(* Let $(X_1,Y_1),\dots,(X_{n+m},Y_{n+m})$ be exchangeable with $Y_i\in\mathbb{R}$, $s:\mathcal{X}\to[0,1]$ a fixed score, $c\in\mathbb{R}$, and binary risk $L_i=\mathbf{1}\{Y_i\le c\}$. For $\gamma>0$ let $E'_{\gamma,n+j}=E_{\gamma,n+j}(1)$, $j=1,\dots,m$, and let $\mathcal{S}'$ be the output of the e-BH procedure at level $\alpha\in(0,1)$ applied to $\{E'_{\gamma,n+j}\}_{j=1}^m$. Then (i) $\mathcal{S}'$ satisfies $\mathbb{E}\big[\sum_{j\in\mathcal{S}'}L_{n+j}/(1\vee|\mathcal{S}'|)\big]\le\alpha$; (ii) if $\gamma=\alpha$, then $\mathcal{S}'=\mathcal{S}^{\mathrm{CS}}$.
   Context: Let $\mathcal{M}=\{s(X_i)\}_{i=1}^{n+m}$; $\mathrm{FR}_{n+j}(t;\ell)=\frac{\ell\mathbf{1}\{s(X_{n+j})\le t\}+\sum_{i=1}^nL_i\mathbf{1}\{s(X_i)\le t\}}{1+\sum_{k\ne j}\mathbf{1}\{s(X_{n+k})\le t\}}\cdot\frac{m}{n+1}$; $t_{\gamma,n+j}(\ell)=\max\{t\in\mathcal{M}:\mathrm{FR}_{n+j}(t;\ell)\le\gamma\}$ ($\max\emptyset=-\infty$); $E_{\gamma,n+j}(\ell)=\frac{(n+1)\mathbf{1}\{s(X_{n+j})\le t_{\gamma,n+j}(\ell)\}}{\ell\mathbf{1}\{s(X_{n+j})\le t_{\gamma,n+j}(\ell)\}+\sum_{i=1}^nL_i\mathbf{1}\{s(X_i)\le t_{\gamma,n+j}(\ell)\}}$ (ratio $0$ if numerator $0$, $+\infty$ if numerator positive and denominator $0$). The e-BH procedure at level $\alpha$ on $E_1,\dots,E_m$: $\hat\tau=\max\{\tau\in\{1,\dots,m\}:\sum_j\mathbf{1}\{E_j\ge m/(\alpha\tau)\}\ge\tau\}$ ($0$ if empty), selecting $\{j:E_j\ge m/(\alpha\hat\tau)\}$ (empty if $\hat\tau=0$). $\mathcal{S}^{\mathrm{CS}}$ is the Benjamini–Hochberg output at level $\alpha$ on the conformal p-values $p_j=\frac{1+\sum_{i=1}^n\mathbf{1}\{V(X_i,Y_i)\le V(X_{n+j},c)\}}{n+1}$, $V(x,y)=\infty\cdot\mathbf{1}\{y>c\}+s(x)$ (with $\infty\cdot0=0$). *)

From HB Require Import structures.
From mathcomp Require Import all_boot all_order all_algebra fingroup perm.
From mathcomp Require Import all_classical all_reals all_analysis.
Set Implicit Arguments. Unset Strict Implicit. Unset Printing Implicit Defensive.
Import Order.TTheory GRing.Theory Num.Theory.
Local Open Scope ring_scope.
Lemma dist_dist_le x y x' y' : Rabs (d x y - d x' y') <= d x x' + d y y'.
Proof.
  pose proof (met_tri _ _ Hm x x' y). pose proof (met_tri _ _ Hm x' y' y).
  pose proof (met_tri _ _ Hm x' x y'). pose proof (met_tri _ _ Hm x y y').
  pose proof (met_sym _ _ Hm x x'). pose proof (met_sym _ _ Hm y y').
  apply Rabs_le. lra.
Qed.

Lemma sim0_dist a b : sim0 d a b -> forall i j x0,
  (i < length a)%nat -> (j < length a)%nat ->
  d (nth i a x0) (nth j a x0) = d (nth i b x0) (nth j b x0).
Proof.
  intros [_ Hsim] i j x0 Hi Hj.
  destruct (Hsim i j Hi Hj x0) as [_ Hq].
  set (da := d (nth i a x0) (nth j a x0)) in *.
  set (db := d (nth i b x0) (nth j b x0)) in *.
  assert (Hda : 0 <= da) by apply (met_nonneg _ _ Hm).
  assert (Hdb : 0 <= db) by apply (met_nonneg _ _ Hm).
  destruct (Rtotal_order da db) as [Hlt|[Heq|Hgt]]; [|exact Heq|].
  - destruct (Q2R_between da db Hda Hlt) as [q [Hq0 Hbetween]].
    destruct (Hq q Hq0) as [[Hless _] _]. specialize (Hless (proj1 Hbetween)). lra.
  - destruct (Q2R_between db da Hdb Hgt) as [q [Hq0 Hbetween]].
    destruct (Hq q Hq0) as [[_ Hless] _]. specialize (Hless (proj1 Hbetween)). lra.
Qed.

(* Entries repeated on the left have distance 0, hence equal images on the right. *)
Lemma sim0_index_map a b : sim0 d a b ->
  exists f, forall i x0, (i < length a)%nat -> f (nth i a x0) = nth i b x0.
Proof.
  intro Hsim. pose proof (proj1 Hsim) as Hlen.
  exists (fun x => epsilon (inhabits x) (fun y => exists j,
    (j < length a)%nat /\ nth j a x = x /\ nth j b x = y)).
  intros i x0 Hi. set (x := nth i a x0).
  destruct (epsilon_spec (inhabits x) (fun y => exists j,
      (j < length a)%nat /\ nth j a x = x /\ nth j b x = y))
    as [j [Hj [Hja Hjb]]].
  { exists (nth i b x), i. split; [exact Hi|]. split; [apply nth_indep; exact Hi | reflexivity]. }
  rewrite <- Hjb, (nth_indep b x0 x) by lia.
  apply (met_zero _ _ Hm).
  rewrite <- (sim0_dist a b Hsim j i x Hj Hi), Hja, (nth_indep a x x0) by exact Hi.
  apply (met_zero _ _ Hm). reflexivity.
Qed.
------------------------------------------------------------------------
=== EXERCISE GOAL ===
Write out exactly the lines that fall from the line with "Lemma dist_dist_le x" to the line with "intros [_ Hsim] i j x0 Hi Hj." in the records above, keeping both ends.

=== SOLUTION FOR THIS TASK ===
Lemma dist_dist_le x y x' y' : Rabs (d x y - d x' y') <= d x x' + d y y'.
Proof.
  pose proof (met_tri _ _ Hm x x' y). pose proof (met_tri _ _ Hm x' y' y).
  pose proof (met_tri _ _ Hm x' x y'). pose proof (met_tri _ _ Hm x y y').
  pose proof (met_sym _ _ Hm x x'). pose proof (met_sym _ _ Hm y y').
  apply Rabs_le. lra.
Qed.

Lemma sim0_dist a b : sim0 d a b -> forall i j x0,
  (i < length a)%nat -> (j < length a)%nat ->
  d (nth i a x0) (nth j a x0) = d (nth i b x0) (nth j b x0).
Proof.
  intros [_ Hsim] i j x0 Hi Hj.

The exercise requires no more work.